Ablation study on local feature-extraction module. In order to further explore the details of the parameter setting of the local feature extraction module, we change the parameter values of the module in turn, and the experimental results are shown in Table 4. In the local feature extraction module of our original network, the number of heads is set to 16. As can be seen from the table, if the number of heads is reduced to 8, the final mIoU decreases by 0.6%; if the number of heads is reduced to 4, the final mIoU decreases by 1.0%. Therefore, it can be seen that when the multi head parameter is set to 16, our network achieves the best performance.

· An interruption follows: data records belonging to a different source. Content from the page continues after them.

Local Notation xa := (char_pos fp t1 A ua).
Local Notation xb := (char_pos fp t1 B ub).
Local Notation w := (char_speed fp t1 A B ua ub).

Hypothesis Hord : forall t, t1 <= t <= t2 -> xa t < xb t.
Hypothesis Hu : forall t, t1 <= t <= t2 -> forall x, xa t <= x <= xb t ->
  interp_seg fp (xa t) (xb t) ua ub x (u x t).

Definition seg_domain (q : R * R) : Prop :=
  t1 <= snd q <= t2 /\ xa (snd q) <= fst q <= xb (snd q).

Lemma seg_expansive : exists k, 0 < k /\ forall a b,
  Rmin ua ub <= a <= Rmax ua ub -> Rmin ua ub <= b <= Rmax ua ub ->
  k * Rabs (a - b) <= Rabs (fp a - fp b).
Proof.
  destruct (Rabs_lbound_continuous fpp (Rmin ua ub) (Rmax ua ub)) as [k [Hk Hkb]]; auto.
  { apply Rle_trans with ua; [apply Rmin_l | apply Rmax_l]. }
  exists k. split; [exact Hk | exact (expansive_of_deriv_lbound fp fpp _ _ k Hfp Hkb)].
Qed.

Lemma seg_speeds_neq : ua <> ub -> fp ua <> fp ub.
Proof.
  intros Hne E. destruct seg_expansive as [k [Hk Hexp]].
  apply Hne, (expansive_inj fp _ _ k ua ub Hk Hexp); [| |exact E];
    split; auto using Rmin_l, Rmin_r, Rmax_l, Rmax_r.
Qed.

Lemma seg_const : ua = ub -> forall t x, t1 <= t <= t2 -> xa t <= x <= xb t -> u x t = ua.
Proof. intros Heq t x Ht Hx. destruct (Hu t Ht x Hx) as [[_ E]|[E _]]; [exact E | now elim E]. Qed.

Lemma seg_speed : ua <> ub -> forall t x, t1 <= t <= t2 -> xa t <= x <= xb t ->
  Rmin ua ub <= u x t <= Rmax ua ub /\ fp (u x t) = w x t.
Proof.
  intros Hne t x Ht Hx.
  exact (interp_seg_fp fp _ _ ua ub x _ Hne (seg_speeds_neq Hne) (Hord t Ht) (Hu t Ht x Hx)).
Qed.

Lemma seg_domain_closed : closed seg_domain.
Proof.
  assert (Hxa : forall p : R * R, continuous (fun q : R * R => xa (snd q)) p).
  { intros [x s]. apply (continuous_comp snd xa); [apply continuous_snd | apply continuous_char_pos]. }
  assert (Hxb : forall p : R * R, continuous (fun q : R * R => xb (snd q)) p).
  { intros [x s]. apply (continuous_comp snd xb); [apply continuous_snd | apply continuous_char_pos]. }
  assert (Hfst : forall p : R * R, continuous fst p) by (intros [x s]; apply continuous_fst).
  assert (Hsnd : forall p : R * R, continuous snd p) by (intros [x s]; apply continuous_snd).
  repeat apply closed_and; apply closed_le_fun; auto using continuous_const.
Qed.

Lemma seg_continuous (p : R * R) : seg_domain p ->
  filterlim (fun q => u (fst q) (snd q)) (within seg_domain (locally p)) (locally (u (fst p) (snd p))).
Proof.
  intros [Hpt Hpx]. destruct (Req_dec ua ub) as [Heq|Hne].
  - apply (filterlim_within_const (fun q : R * R => u (fst q) (snd q))). intros q [Hqt Hqx].
    now rewrite (seg_const Heq _ _ Hqt Hqx), (seg_const Heq _ _ Hpt Hpx).
  - destruct seg_expansive as [k [Hk Hexp]].
    destruct (seg_speed Hne _ _ Hpt Hpx) as [Hp Ep].
    apply (filterlim_of_expansive _ fp _ _ k _ (fun q => w (fst q) (snd q)) _ Hk Hexp Hp).
    + unfold within. apply filter_forall. intros q [Hqt Hqx]. exact (seg_speed Hne _ _ Hqt Hqx).
    + rewrite Ep. apply (filterlim_filter_le_1 _ (filter_le_within _)).
      apply continuous_char_speed. specialize (Hord _ Hpt). lra.
Qed.

Lemma seg_conservation_law x t : t1 < t < t2 -> xa t < x < xb t ->
  exists ut fx, is_derive (fun s => u x s) t ut /\ is_derive (fun y => f (u y t)) x fx /\ ut + fx = 0.
Proof.
  intros Ht Hx.
  assert (Hloc_t : locally t (fun s => t1 <= s <= t2 /\ xa s <= x <= xb s)).
  { assert (Hid : continuous (fun s : R => s) t) by apply continuous_id.
    assert (Hcst : forall c : R, continuous (fun _ : R => c) t) by (intro; apply continuous_const).
    assert (L1 := locally_lt _ _ t (Hcst t1) Hid (proj1 Ht)).
    assert (L2 := locally_lt _ _ t Hid (Hcst t2) (proj2 Ht)).
    assert (L3 := locally_lt _ _ t (continuous_char_pos fp t1 A ua t) (Hcst x) (proj1 Hx)).
    assert (L4 := locally_lt _ _ t (Hcst x) (continuous_char_pos fp t1 B ub t) (proj2 Hx)).
    apply (filter_imp _ _) with (2 := filter_and _ _ (filter_and _ _ L1 L2) (filter_and _ _ L3 L4)).
    intros s; lra. }
  assert (Hloc_x : locally x (fun y => xa t <= y <= xb t)).
  { assert (Hid : continuous (fun y : R => y) x) by apply continuous_id.
    assert (L1 := locally_lt (fun _ => xa t) _ x (continuous_const _ _) Hid (proj1 Hx)).
    assert (L2 := locally_lt _ (fun _ => xb t) x Hid (continuous_const _ _) (proj2 Hx)).
    apply (filter_imp _ _) with (2 := filter_and _ _ L1 L2). intros y; lra. }
  destruct (Req_dec ua ub) as [Heq|Hne].
  - exists 0, 0. split; [|split; [|ring]].
    + apply (is_derive_ext_loc (fun _ => ua)); [|exact (is_derive_const ua t)].
      apply (filter_imp _ _) with (2 := Hloc_t). intros s [Hs Hxs].
      symmetry. exact (seg_const Heq s x Hs Hxs).
    + apply (is_derive_ext_loc (fun _ => f ua)); [|exact (is_derive_const (f ua) x)].
      apply (filter_imp _ _) with (2 := Hloc_x). intros y Hy.
      rewrite (seg_const Heq t y); [reflexivity | lra | exact Hy].
  - destruct seg_expansive as [k [Hk Hexp]].
    assert (HD : xb t - xa t <> 0) by lra.
    destruct (seg_speed Hne t x ltac:(lra) ltac:(lra)) as [Hux Eux].
    assert (Hfpp0 : fpp (u x t) <> 0) by exact (HJ _ Hux).
    assert (Lt : locally t (fun s => Rmin ua ub <= u x s <= Rmax ua ub /\ fp (u x s) = w x s)).
    { apply (filter_imp _ _) with (2 := Hloc_t). intros s [Hs Hxs]. exact (seg_speed Hne s x Hs Hxs). }
    assert (Lx : locally x (fun y => Rmin ua ub <= u y t <= Rmax ua ub /\ fp (u y t) = w y t)).
    { apply (filter_imp _ _) with (2 := Hloc_x). intros y Hy. exact (seg_speed Hne t y ltac:(lra) Hy). }
    assert (Dt := is_derive_inverse fp fpp (fun s => u x s) (fun s => w x s) _ _ k t _ Hk Hexp
                    (Hfp _) Hfpp0 Lt (is_derive_char_speed_t fp t1 A B ua ub x t HD)).
    assert (Dx := is_derive_inverse fp fpp (fun y => u y t) (fun y => w y t) _ _ k x _ Hk Hexp
                    (Hfp _) Hfpp0 Lx (is_derive_lin_interp _ _ _ _ x HD)).
    eexists; eexists. split; [exact Dt|].
    split; [exact (is_derive_comp f (fun y => u y t) x _ _ (Hf _) Dx)|].
    unfold scal; simpl; unfold mult; simpl. rewrite Eux. field. split; assumption.
Qed.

Ablation study on feature fusion. After obtaining the local and global features of point clouds, in order to obtain more representative features, we design a feature fusion process, which is shown in Figure 4. We compare two fusion methods, including addition and concatenation, in our ablation experiment. As can be seen from the results in Table 5, if we fuse features by using concatenation, the final result of the mIoU is 67.5%, which is 0.5% lower. Therefore, we fuse the local, global, and input features by using addition, which can provide more effective feature information for 3D point cloud semantic segmentation.

5. Conclusions

In this paper, we propose a novel network named LLGF-Net for 3D point cloud semantic segmentation based on the fusion of local features and global features, which achieves superior performance to most current methods. In terms of local feature extraction, we adopt multi-head attention to aggregate the contextual features of neighboring point clouds in local space. In terms of global feature extraction, we use the local and global position-distance information of point clouds in 3D space to extract the global spatial features. Next, we fuse the two features to provide more representative point cloud features for 3D point cloud semantic segmentation. Finally, we conduct quantitative experiments and various ablation studies on the S3DIS dataset, which demonstrate the rationality of each component in our network and the effectiveness of our network in 3D point cloud semantic segmentation.

Author Contributions

Conceptualization, J.Z. and X.L.; methodology, J.Z. and X.L.; software, J.Z.; validation, J.Z., X.L., X.Z. and Z.Z.; investigation, J.Z., X.L., X.Z. and Z.Z.; data curation, X.Z. and Z.Z.; writing—original draft preparation, J.Z. and X.L.; writing—review and editing, J.Z., X.L., X.Z. and Z.Z.; visualization, J.Z. All authors have read and agreed to the published version of the manuscript.

Funding

This research received no external funding.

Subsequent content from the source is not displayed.